PROBLEM TO WORK ON » Counting every line in the entries below where the word "exists" occurs, report how many there are. Give only that number.

▬▬▬

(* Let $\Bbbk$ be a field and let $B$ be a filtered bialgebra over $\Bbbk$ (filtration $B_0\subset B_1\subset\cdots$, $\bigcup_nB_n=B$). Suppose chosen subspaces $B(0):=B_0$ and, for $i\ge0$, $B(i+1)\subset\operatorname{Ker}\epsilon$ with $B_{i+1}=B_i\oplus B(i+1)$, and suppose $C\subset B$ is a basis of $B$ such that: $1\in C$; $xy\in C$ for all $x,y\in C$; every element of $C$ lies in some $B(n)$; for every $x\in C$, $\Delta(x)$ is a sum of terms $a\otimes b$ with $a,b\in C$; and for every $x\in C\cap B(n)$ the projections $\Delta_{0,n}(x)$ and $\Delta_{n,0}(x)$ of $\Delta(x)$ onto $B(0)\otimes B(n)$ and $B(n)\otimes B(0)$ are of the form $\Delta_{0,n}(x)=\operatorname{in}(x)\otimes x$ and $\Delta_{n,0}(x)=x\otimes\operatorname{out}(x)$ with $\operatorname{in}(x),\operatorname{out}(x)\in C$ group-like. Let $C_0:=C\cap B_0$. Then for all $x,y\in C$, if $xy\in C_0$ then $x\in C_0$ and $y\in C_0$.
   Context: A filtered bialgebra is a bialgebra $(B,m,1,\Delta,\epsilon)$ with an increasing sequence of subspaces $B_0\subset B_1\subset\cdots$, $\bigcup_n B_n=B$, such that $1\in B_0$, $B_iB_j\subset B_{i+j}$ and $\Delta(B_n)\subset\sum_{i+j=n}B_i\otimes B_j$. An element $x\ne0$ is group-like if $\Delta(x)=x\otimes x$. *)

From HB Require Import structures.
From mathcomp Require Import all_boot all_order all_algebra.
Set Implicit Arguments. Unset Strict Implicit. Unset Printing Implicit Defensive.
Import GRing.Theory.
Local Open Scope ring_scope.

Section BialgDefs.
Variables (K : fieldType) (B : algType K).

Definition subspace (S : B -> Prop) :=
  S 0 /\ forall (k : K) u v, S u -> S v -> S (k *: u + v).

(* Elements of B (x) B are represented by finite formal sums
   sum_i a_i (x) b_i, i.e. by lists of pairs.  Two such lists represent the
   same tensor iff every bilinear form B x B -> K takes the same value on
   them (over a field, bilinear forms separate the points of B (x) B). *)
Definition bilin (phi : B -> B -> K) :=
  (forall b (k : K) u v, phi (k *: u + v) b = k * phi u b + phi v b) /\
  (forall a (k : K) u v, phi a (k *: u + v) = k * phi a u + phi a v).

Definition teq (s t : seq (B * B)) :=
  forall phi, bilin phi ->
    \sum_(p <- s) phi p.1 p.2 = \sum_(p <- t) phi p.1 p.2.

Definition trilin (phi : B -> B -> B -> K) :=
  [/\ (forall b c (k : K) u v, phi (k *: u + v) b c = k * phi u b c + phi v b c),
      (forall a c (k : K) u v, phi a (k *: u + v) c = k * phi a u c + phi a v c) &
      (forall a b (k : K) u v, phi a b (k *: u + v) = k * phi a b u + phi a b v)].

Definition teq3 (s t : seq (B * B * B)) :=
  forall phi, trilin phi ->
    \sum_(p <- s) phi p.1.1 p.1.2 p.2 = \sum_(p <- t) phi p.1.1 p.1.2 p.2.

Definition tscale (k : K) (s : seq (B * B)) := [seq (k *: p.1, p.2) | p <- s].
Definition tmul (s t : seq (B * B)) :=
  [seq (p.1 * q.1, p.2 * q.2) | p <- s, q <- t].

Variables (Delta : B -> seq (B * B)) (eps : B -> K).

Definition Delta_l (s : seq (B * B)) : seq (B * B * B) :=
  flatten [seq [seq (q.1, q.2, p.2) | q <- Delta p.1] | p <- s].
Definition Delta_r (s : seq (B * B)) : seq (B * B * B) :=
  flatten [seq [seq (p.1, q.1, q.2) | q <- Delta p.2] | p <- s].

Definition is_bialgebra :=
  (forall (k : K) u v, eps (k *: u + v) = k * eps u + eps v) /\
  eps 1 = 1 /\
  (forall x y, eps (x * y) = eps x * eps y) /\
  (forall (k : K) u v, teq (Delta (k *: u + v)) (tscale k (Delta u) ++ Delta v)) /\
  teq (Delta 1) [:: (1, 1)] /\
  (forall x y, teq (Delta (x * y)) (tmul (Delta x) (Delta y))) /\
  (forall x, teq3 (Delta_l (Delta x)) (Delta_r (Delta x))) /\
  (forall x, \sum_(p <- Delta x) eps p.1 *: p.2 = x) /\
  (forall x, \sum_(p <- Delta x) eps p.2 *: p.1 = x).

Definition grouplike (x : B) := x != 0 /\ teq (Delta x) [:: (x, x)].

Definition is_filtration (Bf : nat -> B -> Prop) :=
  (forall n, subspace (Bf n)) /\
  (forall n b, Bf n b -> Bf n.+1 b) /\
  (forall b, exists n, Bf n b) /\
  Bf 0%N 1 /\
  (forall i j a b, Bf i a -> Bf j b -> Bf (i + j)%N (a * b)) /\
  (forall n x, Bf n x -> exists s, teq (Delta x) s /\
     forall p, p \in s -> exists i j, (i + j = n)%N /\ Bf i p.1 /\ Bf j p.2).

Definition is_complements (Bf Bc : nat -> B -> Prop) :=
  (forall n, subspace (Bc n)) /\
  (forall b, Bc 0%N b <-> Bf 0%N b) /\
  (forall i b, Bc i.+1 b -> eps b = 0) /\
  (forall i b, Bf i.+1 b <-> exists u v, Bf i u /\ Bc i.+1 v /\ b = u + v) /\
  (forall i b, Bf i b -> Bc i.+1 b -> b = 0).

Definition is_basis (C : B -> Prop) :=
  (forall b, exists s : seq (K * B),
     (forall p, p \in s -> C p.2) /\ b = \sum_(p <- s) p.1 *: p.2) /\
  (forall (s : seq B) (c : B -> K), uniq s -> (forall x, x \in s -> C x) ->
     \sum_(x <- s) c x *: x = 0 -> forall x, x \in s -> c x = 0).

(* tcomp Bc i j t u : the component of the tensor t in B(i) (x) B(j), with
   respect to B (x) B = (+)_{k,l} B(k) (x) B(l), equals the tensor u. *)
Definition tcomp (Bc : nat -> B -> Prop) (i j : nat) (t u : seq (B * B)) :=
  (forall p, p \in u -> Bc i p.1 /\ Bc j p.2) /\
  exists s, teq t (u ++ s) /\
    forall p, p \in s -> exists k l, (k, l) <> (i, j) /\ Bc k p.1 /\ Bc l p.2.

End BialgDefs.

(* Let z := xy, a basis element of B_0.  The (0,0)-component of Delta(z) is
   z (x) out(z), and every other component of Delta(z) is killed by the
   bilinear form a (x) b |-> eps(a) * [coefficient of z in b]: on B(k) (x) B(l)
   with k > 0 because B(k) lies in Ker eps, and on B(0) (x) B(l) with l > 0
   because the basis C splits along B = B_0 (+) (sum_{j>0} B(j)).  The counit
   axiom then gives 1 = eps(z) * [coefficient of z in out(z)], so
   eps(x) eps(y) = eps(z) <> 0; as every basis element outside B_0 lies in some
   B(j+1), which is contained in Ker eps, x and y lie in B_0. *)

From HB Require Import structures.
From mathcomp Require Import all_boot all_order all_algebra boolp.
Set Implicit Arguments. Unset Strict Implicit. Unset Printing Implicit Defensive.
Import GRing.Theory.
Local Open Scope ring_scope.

▬▬▬

ANSWER TO THIS EXERCISE » 7